** Opening DATA IN THIS EXERCISE block **

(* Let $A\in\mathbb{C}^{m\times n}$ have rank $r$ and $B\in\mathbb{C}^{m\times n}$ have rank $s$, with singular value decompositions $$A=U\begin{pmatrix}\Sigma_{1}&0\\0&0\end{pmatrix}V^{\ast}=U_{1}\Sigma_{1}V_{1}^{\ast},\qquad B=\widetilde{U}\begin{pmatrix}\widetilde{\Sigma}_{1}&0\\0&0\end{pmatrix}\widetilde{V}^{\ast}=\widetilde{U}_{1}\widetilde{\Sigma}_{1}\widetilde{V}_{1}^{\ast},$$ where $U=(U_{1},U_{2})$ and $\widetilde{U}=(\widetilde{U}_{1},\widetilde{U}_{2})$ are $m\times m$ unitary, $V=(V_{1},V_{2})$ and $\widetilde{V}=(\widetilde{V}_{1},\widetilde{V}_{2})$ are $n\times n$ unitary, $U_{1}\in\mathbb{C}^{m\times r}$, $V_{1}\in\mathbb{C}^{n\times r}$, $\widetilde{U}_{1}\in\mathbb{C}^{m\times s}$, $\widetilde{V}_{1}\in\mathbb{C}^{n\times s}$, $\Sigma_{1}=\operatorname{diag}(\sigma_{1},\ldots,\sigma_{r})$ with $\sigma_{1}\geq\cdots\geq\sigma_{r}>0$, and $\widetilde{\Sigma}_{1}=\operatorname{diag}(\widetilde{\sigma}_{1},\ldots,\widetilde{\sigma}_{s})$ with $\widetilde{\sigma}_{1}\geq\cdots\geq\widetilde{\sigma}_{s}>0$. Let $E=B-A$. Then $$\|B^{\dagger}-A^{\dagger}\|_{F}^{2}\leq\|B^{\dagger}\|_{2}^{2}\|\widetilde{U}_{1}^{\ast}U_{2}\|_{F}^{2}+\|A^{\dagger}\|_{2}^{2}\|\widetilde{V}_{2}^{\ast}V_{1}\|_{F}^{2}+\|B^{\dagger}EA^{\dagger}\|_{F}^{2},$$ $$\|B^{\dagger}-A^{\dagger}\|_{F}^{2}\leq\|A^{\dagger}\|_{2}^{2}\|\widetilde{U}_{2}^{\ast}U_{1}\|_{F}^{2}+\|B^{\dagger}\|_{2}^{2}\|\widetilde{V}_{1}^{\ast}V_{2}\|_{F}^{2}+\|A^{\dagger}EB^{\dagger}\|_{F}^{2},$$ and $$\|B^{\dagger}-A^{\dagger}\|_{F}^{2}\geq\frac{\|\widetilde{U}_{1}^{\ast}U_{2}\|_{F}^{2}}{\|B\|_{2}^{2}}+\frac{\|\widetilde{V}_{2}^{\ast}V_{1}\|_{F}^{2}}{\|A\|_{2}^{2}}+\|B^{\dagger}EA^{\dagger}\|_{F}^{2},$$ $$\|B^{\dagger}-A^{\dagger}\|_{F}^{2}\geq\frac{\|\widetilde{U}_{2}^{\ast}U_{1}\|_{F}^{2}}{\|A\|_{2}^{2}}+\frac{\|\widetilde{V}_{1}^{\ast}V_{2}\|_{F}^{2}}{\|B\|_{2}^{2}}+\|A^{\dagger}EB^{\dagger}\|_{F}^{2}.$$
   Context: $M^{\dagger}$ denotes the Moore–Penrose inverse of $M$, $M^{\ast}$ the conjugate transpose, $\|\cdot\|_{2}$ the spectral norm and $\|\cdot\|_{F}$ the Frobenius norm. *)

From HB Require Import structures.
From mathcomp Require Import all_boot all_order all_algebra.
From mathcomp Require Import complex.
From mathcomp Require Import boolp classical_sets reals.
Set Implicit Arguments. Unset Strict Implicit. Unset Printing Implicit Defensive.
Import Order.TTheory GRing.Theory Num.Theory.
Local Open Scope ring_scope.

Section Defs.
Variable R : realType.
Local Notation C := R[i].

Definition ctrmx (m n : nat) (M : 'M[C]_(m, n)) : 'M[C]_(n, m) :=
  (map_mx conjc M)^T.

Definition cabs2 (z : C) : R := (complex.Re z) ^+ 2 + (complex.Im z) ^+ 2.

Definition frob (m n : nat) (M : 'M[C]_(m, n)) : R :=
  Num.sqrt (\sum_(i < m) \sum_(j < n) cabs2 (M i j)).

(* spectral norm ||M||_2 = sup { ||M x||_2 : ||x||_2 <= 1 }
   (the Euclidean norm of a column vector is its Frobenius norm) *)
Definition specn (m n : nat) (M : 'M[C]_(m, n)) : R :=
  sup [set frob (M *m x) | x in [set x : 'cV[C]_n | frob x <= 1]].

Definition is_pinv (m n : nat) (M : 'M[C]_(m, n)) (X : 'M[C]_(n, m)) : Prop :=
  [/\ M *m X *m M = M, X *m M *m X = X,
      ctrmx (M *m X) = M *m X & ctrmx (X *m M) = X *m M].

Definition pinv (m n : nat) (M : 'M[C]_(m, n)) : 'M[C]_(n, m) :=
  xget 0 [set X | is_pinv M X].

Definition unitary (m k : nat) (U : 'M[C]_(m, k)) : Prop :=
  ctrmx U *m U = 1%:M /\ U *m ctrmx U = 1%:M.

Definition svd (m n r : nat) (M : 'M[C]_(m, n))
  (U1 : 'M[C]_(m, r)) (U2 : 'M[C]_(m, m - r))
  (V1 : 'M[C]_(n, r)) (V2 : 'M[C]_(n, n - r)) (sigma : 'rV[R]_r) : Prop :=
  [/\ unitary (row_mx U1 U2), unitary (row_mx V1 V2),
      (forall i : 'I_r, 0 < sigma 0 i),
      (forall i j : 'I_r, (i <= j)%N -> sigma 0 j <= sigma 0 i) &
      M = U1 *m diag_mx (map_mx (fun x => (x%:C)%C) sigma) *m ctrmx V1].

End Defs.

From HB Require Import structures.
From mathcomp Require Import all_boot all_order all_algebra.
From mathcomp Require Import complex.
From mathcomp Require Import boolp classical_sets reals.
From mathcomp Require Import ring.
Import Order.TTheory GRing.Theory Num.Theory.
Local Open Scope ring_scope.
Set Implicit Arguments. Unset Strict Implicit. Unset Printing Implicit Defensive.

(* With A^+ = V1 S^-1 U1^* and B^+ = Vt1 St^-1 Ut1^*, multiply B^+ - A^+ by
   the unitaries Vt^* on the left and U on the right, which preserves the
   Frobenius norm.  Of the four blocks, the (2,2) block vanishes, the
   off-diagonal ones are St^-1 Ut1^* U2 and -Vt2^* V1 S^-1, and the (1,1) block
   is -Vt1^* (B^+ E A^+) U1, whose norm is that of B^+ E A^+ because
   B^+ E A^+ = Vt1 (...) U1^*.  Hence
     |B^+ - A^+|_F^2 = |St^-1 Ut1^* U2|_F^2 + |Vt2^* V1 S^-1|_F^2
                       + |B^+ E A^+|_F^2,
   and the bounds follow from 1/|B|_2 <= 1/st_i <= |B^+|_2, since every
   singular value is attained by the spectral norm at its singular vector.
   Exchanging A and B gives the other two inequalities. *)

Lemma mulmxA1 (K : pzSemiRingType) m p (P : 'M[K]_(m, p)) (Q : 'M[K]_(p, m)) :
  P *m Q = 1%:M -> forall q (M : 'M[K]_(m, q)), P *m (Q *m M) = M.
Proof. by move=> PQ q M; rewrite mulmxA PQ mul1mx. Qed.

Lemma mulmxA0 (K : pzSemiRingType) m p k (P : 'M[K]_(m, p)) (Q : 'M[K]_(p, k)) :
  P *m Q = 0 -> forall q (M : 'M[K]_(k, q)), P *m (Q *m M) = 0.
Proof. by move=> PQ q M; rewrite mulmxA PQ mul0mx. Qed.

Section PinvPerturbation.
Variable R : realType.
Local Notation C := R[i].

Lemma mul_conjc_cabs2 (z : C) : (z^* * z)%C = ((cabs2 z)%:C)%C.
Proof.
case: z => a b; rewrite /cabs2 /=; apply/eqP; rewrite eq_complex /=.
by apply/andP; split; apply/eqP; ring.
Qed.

** Closing DATA IN THIS EXERCISE block **
** Opening DATA IN THIS EXERCISE block **

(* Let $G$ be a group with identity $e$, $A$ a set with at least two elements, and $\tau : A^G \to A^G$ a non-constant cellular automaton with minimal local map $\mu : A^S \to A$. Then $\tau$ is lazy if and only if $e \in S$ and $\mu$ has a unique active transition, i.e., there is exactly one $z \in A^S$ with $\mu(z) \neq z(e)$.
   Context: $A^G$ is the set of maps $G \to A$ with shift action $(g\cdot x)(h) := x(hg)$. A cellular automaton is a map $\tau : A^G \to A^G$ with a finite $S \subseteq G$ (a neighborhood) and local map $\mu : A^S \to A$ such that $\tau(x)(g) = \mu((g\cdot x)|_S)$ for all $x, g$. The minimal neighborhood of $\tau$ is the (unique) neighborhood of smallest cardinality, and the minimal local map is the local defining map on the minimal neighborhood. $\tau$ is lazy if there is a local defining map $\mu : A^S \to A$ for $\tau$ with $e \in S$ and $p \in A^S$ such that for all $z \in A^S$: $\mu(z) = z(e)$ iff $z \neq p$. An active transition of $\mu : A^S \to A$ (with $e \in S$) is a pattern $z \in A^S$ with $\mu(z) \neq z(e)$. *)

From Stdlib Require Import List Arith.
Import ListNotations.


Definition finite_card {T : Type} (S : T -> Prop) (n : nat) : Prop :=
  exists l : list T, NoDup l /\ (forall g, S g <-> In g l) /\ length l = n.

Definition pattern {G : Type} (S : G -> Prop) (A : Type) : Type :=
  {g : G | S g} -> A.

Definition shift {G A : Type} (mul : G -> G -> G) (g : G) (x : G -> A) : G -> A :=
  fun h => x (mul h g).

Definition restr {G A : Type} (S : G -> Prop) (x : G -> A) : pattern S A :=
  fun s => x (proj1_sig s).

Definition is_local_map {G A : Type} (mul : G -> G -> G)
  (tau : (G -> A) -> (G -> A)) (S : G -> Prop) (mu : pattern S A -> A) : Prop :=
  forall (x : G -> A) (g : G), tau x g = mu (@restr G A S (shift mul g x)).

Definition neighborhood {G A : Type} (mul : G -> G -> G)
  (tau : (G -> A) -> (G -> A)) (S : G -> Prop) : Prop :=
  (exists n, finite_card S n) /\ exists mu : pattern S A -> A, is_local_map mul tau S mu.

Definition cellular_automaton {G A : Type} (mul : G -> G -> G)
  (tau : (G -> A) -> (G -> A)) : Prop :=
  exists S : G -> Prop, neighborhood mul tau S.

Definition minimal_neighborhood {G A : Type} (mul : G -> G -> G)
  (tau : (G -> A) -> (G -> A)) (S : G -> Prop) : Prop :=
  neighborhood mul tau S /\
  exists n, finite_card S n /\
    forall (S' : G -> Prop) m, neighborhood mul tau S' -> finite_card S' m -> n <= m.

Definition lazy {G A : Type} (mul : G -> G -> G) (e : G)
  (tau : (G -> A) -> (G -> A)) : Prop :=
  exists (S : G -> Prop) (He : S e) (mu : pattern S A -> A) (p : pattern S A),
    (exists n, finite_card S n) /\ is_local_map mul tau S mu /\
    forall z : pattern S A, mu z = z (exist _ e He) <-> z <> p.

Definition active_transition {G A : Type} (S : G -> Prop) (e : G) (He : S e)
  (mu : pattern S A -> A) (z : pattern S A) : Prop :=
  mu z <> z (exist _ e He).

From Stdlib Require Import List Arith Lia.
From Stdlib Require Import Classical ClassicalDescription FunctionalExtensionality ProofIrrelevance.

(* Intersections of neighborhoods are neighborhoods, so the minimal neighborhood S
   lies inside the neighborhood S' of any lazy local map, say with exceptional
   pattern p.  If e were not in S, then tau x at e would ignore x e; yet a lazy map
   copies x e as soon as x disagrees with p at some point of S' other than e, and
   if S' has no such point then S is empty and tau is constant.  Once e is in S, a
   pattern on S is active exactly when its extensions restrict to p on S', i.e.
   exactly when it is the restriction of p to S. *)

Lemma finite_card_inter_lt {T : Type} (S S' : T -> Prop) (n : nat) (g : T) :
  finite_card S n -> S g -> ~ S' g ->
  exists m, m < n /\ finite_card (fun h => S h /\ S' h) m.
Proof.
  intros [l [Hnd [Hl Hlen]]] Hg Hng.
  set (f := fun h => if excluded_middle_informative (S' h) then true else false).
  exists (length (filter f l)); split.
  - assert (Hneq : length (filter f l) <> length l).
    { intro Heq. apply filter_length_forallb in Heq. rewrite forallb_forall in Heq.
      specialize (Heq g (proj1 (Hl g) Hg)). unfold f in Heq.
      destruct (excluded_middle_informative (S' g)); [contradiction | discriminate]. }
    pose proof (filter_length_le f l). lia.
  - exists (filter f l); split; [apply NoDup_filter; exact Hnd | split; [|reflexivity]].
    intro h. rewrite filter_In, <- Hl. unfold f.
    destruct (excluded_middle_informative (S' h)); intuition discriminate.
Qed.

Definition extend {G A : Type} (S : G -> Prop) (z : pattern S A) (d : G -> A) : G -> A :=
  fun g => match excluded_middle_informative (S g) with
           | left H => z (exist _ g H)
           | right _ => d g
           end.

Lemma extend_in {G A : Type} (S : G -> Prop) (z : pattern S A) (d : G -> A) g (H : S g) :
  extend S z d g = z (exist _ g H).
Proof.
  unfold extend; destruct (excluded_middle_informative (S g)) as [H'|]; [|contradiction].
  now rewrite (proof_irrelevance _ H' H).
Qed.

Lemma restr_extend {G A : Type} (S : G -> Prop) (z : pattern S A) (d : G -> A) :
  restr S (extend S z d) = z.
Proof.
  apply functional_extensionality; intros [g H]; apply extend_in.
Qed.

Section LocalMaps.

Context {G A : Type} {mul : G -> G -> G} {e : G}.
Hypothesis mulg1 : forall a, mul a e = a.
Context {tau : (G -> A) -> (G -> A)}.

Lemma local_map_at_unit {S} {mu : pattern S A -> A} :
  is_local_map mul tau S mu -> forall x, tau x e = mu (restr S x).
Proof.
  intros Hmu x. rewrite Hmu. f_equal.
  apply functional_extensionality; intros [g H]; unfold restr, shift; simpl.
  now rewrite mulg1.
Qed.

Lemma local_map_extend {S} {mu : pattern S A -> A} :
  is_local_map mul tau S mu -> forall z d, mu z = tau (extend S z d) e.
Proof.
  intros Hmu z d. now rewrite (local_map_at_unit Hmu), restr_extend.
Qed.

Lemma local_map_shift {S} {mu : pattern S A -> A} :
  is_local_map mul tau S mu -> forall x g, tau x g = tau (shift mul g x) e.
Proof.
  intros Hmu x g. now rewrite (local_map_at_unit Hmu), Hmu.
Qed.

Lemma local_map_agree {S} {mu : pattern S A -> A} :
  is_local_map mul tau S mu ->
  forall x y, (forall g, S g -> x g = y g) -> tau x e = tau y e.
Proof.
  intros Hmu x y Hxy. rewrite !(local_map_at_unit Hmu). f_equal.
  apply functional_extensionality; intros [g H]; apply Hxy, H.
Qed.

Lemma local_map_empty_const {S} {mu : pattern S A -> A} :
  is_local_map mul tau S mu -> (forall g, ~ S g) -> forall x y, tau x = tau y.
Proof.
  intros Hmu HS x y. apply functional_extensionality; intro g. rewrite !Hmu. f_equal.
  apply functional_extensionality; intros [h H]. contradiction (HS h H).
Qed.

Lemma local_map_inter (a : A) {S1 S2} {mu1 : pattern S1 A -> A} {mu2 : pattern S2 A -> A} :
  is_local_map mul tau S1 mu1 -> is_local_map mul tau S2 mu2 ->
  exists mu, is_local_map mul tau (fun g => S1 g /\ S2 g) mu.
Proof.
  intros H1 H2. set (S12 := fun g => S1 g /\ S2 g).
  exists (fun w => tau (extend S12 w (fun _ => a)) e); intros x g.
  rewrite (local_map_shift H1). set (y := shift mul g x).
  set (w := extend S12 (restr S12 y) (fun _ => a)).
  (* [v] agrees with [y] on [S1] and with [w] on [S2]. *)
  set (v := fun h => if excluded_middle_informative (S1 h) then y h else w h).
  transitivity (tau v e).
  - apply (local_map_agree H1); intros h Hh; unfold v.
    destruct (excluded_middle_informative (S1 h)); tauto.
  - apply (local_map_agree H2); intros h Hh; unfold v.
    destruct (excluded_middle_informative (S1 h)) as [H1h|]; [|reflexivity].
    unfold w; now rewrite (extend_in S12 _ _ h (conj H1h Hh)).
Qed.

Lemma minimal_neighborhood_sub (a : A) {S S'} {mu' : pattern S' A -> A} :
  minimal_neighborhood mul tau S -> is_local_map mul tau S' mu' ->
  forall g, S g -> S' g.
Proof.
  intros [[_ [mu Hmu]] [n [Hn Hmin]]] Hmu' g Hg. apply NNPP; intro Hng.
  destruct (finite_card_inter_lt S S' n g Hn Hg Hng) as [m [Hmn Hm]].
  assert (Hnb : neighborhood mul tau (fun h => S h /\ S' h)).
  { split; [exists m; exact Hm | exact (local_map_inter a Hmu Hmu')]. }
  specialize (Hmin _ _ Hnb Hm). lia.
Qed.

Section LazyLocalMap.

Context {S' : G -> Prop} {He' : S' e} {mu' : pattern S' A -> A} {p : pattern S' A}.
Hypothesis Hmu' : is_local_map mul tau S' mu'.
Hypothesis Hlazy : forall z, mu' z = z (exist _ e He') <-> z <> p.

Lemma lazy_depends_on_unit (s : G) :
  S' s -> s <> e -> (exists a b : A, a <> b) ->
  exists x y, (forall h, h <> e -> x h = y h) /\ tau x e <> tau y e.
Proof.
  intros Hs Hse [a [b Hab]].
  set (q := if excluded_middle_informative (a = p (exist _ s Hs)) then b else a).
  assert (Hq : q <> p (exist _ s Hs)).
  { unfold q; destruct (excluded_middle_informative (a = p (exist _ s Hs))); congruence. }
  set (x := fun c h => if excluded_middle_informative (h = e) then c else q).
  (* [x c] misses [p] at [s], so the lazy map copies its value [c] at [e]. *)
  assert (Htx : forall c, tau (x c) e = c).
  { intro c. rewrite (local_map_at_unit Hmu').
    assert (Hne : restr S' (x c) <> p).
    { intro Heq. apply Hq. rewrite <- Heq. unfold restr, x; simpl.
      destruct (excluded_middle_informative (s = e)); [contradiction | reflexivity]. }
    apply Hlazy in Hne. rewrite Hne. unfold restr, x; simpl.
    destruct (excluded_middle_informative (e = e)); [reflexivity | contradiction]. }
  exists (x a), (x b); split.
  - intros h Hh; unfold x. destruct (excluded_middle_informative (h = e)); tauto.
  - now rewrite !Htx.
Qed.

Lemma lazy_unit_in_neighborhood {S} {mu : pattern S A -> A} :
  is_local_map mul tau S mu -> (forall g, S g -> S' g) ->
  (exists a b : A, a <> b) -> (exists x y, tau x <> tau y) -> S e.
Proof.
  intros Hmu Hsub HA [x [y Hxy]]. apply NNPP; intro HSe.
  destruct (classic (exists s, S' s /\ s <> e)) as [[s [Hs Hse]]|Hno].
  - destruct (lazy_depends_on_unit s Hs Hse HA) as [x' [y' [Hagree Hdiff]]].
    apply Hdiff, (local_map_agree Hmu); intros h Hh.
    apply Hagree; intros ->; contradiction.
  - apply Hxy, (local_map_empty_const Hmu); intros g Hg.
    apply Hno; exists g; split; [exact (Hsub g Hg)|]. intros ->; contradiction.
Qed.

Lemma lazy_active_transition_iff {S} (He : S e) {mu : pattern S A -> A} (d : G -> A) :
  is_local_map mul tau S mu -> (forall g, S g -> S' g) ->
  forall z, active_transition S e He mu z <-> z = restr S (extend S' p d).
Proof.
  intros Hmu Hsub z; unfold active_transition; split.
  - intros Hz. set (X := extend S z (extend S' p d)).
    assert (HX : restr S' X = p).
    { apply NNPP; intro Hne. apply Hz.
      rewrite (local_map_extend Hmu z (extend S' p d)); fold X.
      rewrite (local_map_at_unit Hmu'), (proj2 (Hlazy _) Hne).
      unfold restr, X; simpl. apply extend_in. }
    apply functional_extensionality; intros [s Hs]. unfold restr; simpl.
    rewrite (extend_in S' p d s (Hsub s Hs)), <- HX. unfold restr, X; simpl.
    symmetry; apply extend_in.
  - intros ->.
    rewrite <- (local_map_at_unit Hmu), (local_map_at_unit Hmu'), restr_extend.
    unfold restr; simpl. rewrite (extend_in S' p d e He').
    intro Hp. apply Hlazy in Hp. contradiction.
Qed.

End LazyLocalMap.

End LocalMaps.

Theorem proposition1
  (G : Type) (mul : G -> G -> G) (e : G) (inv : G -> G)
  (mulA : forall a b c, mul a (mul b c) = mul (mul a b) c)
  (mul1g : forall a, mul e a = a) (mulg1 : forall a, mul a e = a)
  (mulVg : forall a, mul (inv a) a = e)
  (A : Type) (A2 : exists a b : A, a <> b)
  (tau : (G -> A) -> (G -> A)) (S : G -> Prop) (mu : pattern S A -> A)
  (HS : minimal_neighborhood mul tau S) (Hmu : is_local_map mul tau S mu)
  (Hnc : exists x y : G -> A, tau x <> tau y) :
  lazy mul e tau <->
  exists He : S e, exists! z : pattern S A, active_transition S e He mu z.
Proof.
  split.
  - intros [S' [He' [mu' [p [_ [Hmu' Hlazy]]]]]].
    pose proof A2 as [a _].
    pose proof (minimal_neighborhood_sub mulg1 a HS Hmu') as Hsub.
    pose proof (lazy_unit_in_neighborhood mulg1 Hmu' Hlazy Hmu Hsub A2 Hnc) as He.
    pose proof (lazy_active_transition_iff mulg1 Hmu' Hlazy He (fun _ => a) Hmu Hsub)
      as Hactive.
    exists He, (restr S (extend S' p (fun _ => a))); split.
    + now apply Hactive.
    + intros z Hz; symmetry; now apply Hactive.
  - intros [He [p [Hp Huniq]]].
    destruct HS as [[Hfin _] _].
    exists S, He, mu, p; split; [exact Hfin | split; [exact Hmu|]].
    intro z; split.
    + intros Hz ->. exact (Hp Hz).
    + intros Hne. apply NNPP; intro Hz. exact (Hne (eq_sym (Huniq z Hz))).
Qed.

** Closing DATA IN THIS EXERCISE block **

- WORK REQUIRED
Go over the records above line by line and count those holding the word "tauto". Reply only with the number.

- YOUR RESPONSE
2